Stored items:
· · · · · · ·

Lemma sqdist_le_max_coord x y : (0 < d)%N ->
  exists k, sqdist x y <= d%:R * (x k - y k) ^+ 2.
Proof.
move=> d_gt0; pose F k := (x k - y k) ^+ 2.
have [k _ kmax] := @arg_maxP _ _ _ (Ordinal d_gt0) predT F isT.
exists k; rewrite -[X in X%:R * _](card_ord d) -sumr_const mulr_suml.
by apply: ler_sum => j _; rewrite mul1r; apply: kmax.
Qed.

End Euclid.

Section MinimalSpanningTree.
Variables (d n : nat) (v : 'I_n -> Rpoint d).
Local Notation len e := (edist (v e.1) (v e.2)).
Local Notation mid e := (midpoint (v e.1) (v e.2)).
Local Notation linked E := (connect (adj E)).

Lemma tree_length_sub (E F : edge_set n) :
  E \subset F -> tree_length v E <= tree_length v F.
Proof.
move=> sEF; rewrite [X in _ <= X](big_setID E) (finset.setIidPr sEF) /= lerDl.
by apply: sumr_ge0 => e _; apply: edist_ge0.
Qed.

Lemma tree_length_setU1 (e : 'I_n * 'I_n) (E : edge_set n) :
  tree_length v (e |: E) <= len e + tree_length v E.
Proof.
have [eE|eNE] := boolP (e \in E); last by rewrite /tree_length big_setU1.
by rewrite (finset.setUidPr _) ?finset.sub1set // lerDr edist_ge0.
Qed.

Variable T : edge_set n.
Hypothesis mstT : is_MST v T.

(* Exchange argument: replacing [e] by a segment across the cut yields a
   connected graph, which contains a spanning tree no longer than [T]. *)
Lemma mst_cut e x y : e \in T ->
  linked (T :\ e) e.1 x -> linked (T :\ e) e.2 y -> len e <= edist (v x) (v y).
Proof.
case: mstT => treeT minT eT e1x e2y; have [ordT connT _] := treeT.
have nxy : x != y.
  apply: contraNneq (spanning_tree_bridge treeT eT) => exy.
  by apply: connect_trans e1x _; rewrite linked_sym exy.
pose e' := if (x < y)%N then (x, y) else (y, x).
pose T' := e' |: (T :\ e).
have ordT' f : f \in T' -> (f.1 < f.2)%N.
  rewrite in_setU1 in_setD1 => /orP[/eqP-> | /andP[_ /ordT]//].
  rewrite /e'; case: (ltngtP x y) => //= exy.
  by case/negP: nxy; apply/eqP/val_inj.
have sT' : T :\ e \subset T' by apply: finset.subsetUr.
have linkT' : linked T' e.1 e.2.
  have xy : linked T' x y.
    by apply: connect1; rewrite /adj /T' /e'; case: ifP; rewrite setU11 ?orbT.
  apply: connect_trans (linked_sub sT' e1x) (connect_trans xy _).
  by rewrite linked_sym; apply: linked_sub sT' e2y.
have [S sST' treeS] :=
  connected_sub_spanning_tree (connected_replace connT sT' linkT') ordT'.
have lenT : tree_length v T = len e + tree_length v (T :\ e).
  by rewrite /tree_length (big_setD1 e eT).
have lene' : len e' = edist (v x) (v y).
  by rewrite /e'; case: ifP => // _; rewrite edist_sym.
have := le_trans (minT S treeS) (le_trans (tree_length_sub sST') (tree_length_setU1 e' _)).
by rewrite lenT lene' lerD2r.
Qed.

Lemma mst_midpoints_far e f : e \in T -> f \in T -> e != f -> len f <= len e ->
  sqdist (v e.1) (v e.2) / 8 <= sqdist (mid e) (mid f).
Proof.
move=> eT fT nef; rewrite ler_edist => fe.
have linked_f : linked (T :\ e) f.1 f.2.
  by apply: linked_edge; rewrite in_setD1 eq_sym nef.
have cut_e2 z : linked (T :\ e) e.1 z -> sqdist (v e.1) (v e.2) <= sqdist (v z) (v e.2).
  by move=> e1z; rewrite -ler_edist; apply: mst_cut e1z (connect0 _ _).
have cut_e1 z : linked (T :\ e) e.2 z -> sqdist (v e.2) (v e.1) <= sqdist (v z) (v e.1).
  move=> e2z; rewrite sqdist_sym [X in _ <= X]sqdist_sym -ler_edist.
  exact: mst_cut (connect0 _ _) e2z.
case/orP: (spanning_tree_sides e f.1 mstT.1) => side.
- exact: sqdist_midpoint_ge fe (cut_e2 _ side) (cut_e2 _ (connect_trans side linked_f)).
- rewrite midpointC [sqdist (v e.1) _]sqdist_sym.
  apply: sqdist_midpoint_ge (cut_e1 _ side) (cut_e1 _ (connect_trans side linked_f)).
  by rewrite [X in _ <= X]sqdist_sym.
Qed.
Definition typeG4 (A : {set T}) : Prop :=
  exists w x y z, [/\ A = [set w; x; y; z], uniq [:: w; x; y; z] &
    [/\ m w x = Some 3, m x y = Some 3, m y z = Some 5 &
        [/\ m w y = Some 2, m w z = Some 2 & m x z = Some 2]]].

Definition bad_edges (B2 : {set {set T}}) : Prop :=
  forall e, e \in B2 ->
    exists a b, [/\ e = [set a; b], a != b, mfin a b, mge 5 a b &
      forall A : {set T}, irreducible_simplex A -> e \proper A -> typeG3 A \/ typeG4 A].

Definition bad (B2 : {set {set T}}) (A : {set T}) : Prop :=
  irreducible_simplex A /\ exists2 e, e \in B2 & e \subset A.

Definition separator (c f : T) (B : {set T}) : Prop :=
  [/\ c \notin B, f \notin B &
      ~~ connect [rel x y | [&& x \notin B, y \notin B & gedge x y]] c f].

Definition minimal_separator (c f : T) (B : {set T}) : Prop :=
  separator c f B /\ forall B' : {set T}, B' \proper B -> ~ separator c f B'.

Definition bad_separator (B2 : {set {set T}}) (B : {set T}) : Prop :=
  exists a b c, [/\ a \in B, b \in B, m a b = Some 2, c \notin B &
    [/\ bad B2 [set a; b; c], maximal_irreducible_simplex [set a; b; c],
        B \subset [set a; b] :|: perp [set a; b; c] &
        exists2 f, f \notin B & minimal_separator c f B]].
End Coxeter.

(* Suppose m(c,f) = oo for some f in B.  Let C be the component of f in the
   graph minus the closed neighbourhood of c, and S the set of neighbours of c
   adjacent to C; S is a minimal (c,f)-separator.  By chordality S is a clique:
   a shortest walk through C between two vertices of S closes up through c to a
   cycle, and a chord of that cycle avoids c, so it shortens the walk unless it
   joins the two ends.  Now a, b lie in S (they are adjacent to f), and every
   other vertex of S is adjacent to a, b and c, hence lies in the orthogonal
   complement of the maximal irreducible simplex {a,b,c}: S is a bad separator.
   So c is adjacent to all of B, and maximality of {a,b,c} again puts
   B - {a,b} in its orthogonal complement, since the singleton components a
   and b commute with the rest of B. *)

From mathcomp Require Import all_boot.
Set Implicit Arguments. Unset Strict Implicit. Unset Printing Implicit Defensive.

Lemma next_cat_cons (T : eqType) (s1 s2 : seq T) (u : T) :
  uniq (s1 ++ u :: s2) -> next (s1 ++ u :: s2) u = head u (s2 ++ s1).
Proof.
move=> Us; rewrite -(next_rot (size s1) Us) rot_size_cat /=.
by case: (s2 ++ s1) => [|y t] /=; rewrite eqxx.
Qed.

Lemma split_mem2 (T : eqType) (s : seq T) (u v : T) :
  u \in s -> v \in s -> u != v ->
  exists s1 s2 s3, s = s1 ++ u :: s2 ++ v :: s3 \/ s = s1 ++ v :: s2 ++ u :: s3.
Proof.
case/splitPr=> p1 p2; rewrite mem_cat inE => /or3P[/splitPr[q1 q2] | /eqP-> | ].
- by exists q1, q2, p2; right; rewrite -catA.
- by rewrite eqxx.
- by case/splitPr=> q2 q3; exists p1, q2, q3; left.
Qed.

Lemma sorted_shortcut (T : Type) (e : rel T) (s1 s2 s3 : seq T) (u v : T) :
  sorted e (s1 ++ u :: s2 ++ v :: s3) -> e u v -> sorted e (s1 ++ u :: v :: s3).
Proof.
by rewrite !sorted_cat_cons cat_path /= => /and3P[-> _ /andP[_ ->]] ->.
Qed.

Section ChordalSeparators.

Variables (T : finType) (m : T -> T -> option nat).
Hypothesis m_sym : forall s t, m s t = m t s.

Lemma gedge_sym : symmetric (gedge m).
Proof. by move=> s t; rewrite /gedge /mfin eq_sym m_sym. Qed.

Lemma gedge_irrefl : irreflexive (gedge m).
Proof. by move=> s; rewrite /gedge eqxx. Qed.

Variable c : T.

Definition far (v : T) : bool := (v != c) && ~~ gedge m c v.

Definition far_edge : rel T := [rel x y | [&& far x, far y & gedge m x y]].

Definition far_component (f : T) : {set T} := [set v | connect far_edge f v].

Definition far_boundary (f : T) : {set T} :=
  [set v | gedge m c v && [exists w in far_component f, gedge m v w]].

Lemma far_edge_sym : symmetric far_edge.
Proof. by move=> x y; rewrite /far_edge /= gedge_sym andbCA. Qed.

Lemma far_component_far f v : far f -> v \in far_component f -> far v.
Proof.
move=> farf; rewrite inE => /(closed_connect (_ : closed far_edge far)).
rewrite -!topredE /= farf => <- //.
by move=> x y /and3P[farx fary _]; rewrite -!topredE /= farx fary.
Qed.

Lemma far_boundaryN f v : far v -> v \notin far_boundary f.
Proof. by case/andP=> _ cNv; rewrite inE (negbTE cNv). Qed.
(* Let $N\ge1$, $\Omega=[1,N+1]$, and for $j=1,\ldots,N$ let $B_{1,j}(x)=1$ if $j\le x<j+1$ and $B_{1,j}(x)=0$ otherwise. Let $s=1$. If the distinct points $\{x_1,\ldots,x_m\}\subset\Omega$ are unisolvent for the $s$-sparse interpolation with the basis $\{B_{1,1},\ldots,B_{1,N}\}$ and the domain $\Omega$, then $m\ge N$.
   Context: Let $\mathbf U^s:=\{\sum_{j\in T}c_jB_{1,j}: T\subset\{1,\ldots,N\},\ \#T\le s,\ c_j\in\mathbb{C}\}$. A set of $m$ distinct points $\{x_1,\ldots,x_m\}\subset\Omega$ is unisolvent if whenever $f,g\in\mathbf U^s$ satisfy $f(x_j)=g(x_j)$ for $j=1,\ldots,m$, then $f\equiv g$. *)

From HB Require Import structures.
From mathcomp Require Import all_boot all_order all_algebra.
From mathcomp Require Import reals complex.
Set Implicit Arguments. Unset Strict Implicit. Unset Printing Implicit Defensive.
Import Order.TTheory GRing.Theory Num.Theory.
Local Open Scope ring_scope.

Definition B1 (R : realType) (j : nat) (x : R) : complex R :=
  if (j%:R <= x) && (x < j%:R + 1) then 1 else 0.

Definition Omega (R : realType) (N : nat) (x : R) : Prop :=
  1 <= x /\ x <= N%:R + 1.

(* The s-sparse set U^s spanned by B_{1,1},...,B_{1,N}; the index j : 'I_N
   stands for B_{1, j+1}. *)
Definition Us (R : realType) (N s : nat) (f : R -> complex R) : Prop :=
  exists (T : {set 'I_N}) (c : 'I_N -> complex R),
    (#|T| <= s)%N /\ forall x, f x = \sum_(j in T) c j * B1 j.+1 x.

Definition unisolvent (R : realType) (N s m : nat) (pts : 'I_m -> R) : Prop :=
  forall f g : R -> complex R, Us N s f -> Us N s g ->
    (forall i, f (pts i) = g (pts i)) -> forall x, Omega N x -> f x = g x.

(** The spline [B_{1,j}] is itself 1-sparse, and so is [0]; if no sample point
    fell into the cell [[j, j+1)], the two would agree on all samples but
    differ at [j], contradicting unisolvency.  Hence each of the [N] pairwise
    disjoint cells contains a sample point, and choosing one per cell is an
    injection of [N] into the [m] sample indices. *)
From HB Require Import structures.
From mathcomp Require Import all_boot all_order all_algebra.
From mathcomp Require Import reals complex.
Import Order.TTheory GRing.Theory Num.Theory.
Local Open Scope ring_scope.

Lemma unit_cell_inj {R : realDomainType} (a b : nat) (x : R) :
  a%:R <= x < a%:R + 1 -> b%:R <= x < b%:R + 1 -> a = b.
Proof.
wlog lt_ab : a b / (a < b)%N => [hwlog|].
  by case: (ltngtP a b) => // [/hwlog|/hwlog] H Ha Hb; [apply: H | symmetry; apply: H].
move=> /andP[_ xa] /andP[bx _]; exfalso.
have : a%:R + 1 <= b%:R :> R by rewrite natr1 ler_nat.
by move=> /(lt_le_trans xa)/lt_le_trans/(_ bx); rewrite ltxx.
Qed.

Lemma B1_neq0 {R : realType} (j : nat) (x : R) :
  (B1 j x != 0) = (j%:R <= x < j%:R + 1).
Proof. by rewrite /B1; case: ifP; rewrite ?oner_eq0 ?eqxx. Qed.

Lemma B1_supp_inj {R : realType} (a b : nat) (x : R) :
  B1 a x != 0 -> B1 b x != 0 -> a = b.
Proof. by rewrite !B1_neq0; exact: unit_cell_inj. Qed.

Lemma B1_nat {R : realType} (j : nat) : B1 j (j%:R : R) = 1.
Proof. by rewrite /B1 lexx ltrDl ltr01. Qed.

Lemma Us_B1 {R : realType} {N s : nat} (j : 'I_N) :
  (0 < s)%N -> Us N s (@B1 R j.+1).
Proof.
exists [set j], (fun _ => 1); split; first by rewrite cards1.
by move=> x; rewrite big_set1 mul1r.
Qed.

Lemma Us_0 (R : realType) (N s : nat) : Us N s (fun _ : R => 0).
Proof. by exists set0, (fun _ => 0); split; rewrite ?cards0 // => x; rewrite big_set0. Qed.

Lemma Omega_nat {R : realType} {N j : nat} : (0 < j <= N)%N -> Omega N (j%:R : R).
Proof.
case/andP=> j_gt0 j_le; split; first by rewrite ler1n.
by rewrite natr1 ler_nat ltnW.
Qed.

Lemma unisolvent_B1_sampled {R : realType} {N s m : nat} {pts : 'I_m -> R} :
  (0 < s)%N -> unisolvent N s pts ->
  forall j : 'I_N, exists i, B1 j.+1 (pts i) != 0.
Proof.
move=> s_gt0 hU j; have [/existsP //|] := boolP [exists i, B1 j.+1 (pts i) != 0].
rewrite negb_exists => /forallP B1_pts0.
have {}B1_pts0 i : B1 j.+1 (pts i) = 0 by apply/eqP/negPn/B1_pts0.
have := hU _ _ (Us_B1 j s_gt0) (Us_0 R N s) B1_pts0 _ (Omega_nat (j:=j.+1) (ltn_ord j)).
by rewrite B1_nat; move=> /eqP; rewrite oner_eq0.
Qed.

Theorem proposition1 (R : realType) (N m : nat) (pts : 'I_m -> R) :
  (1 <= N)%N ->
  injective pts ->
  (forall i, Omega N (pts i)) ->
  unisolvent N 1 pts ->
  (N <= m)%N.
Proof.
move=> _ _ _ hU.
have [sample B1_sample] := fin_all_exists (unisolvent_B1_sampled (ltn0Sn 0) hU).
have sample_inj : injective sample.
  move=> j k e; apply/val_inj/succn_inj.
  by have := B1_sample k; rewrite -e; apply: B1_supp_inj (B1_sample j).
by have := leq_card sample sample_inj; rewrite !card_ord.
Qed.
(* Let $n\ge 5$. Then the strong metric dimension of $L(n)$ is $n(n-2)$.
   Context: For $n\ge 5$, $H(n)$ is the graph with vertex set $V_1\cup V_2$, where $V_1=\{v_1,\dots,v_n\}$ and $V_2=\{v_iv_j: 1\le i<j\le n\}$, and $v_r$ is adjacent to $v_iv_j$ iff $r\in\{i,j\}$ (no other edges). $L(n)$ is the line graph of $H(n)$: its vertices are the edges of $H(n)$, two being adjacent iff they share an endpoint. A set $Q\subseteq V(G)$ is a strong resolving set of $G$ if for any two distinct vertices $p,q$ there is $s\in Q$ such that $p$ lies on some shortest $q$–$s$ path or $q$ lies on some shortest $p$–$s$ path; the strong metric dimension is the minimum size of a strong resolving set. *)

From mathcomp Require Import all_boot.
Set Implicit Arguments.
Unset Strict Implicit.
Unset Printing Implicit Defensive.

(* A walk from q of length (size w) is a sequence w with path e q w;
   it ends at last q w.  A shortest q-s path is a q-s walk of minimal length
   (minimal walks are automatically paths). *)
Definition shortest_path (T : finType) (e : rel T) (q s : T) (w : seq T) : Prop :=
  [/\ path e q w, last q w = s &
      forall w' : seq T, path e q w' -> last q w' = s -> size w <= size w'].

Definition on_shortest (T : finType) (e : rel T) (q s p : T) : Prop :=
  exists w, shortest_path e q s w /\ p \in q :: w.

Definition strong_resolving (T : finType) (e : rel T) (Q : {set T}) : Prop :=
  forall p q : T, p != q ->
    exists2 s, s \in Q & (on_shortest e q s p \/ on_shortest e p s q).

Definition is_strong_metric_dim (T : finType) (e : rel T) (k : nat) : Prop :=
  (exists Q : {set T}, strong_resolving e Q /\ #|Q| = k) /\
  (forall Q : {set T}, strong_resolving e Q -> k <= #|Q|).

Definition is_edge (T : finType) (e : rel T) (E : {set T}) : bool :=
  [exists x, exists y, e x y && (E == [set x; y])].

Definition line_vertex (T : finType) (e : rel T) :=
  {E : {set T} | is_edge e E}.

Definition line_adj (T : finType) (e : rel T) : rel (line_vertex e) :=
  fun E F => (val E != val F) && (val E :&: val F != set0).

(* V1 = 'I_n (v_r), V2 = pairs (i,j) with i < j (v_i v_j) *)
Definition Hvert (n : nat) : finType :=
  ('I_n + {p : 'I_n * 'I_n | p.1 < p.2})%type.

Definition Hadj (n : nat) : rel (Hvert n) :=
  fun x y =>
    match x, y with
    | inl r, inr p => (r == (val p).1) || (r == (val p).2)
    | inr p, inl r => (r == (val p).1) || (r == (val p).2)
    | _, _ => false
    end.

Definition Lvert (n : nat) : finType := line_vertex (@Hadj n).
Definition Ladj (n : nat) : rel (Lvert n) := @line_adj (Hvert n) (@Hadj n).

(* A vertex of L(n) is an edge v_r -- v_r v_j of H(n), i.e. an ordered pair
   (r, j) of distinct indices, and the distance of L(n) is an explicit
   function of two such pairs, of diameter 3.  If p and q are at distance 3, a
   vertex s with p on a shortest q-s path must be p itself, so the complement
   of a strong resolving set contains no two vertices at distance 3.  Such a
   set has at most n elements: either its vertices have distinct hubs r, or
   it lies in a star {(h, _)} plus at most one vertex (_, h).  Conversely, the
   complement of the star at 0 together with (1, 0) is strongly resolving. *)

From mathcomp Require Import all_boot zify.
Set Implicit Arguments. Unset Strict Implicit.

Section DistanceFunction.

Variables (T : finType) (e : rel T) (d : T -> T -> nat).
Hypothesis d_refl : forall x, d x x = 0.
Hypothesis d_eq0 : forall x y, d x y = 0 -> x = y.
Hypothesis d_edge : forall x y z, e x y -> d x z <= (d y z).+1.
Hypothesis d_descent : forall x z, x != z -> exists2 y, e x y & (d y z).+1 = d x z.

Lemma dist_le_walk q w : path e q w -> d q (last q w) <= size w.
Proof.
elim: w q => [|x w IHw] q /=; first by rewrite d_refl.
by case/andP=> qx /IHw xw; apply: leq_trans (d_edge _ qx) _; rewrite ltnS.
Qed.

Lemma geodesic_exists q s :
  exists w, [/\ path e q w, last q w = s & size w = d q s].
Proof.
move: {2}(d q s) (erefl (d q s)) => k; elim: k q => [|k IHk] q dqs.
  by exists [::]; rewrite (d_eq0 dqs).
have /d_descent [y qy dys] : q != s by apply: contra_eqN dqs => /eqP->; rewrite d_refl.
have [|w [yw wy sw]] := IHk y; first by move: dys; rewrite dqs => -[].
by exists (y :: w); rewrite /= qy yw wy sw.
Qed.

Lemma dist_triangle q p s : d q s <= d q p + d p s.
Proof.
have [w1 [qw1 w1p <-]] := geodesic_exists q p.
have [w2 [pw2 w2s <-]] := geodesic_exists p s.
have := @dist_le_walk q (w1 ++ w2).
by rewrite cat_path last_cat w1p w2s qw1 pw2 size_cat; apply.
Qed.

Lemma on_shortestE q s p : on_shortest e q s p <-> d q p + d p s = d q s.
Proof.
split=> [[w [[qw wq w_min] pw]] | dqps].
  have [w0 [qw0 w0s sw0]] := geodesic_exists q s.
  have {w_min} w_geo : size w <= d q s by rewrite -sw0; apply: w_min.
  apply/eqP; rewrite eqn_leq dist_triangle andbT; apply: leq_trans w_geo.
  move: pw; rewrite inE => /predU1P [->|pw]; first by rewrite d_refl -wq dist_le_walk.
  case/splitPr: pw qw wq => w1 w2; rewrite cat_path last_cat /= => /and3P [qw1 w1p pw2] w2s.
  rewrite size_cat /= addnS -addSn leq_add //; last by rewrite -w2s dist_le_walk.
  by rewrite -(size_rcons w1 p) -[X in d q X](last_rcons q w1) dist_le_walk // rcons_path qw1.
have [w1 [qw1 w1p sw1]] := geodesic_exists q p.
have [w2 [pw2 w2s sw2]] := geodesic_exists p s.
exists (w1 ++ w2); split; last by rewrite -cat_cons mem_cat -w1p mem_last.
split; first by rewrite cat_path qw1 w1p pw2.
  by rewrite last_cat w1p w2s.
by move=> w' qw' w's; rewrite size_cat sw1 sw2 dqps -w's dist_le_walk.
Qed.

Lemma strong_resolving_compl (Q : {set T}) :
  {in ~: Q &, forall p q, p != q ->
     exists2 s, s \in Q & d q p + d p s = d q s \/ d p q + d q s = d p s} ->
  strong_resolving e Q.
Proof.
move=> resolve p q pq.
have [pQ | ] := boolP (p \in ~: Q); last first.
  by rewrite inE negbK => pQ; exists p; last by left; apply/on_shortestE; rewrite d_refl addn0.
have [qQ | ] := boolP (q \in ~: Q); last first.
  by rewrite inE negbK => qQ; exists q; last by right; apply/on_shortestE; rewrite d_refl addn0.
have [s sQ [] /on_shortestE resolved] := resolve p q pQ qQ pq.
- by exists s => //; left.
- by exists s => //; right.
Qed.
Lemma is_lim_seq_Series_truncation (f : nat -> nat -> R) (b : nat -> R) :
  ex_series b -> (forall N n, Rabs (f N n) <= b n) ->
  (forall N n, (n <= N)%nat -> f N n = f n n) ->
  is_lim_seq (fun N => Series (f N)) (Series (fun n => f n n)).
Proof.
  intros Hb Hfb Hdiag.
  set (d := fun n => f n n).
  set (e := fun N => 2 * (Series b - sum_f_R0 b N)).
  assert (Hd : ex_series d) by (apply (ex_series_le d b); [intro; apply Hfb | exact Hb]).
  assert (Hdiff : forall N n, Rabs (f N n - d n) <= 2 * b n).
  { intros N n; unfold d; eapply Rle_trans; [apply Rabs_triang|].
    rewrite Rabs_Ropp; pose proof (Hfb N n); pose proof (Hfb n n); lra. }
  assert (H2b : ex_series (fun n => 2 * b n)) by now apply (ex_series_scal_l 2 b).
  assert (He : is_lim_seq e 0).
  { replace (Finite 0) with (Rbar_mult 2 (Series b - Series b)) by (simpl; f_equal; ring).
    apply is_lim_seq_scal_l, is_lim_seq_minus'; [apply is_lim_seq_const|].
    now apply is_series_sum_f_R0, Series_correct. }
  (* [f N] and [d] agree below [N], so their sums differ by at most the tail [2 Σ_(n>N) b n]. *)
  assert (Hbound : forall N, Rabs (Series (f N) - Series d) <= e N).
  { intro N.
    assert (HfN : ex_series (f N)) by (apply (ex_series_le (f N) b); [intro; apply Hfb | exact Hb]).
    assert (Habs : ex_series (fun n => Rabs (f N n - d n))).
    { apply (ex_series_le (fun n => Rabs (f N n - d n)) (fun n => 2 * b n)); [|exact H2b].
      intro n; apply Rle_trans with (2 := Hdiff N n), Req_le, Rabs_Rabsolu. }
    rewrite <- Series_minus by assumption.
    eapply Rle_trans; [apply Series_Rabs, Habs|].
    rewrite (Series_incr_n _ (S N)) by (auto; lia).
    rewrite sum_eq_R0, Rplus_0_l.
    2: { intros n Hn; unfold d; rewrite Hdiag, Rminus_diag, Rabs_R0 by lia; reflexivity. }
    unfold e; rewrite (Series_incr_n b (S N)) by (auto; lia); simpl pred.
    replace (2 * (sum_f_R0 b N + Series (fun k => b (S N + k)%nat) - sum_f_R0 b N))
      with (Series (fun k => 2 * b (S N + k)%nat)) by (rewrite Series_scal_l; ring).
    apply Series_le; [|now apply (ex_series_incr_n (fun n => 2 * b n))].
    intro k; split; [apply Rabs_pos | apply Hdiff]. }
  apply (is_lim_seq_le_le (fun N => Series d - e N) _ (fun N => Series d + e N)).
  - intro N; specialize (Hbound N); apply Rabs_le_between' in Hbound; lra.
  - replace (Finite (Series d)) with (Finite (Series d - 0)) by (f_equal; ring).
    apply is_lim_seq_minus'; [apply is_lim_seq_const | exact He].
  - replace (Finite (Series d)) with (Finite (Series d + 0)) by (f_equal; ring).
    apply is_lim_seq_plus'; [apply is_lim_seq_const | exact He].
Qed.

· · · · · · ·

TASK REQUIREMENTS: Give back precisely the lines above that start at the line containing "have [w0 [qw0" and end at the line containing "assert (He : is_lim_seq e 0).", inclusive. No other lines belong in the output.

REPLY TO THE TASK:
  have [w0 [qw0 w0s sw0]] := geodesic_exists q s.
  have {w_min} w_geo : size w <= d q s by rewrite -sw0; apply: w_min.
  apply/eqP; rewrite eqn_leq dist_triangle andbT; apply: leq_trans w_geo.
  move: pw; rewrite inE => /predU1P [->|pw]; first by rewrite d_refl -wq dist_le_walk.
  case/splitPr: pw qw wq => w1 w2; rewrite cat_path last_cat /= => /and3P [qw1 w1p pw2] w2s.
  rewrite size_cat /= addnS -addSn leq_add //; last by rewrite -w2s dist_le_walk.
  by rewrite -(size_rcons w1 p) -[X in d q X](last_rcons q w1) dist_le_walk // rcons_path qw1.
have [w1 [qw1 w1p sw1]] := geodesic_exists q p.
have [w2 [pw2 w2s sw2]] := geodesic_exists p s.
exists (w1 ++ w2); split; last by rewrite -cat_cons mem_cat -w1p mem_last.
split; first by rewrite cat_path qw1 w1p pw2.
  by rewrite last_cat w1p w2s.
by move=> w' qw' w's; rewrite size_cat sw1 sw2 dqps -w's dist_le_walk.
Qed.

Lemma strong_resolving_compl (Q : {set T}) :
  {in ~: Q &, forall p q, p != q ->
     exists2 s, s \in Q & d q p + d p s = d q s \/ d p q + d q s = d p s} ->
  strong_resolving e Q.
Proof.
move=> resolve p q pq.
have [pQ | ] := boolP (p \in ~: Q); last first.
  by rewrite inE negbK => pQ; exists p; last by left; apply/on_shortestE; rewrite d_refl addn0.
have [qQ | ] := boolP (q \in ~: Q); last first.
  by rewrite inE negbK => qQ; exists q; last by right; apply/on_shortestE; rewrite d_refl addn0.
have [s sQ [] /on_shortestE resolved] := resolve p q pQ qQ pq.
- by exists s => //; left.
- by exists s => //; right.
Qed.
Lemma is_lim_seq_Series_truncation (f : nat -> nat -> R) (b : nat -> R) :
  ex_series b -> (forall N n, Rabs (f N n) <= b n) ->
  (forall N n, (n <= N)%nat -> f N n = f n n) ->
  is_lim_seq (fun N => Series (f N)) (Series (fun n => f n n)).
Proof.
  intros Hb Hfb Hdiag.
  set (d := fun n => f n n).
  set (e := fun N => 2 * (Series b - sum_f_R0 b N)).
  assert (Hd : ex_series d) by (apply (ex_series_le d b); [intro; apply Hfb | exact Hb]).
  assert (Hdiff : forall N n, Rabs (f N n - d n) <= 2 * b n).
  { intros N n; unfold d; eapply Rle_trans; [apply Rabs_triang|].
    rewrite Rabs_Ropp; pose proof (Hfb N n); pose proof (Hfb n n); lra. }
  assert (H2b : ex_series (fun n => 2 * b n)) by now apply (ex_series_scal_l 2 b).
  assert (He : is_lim_seq e 0).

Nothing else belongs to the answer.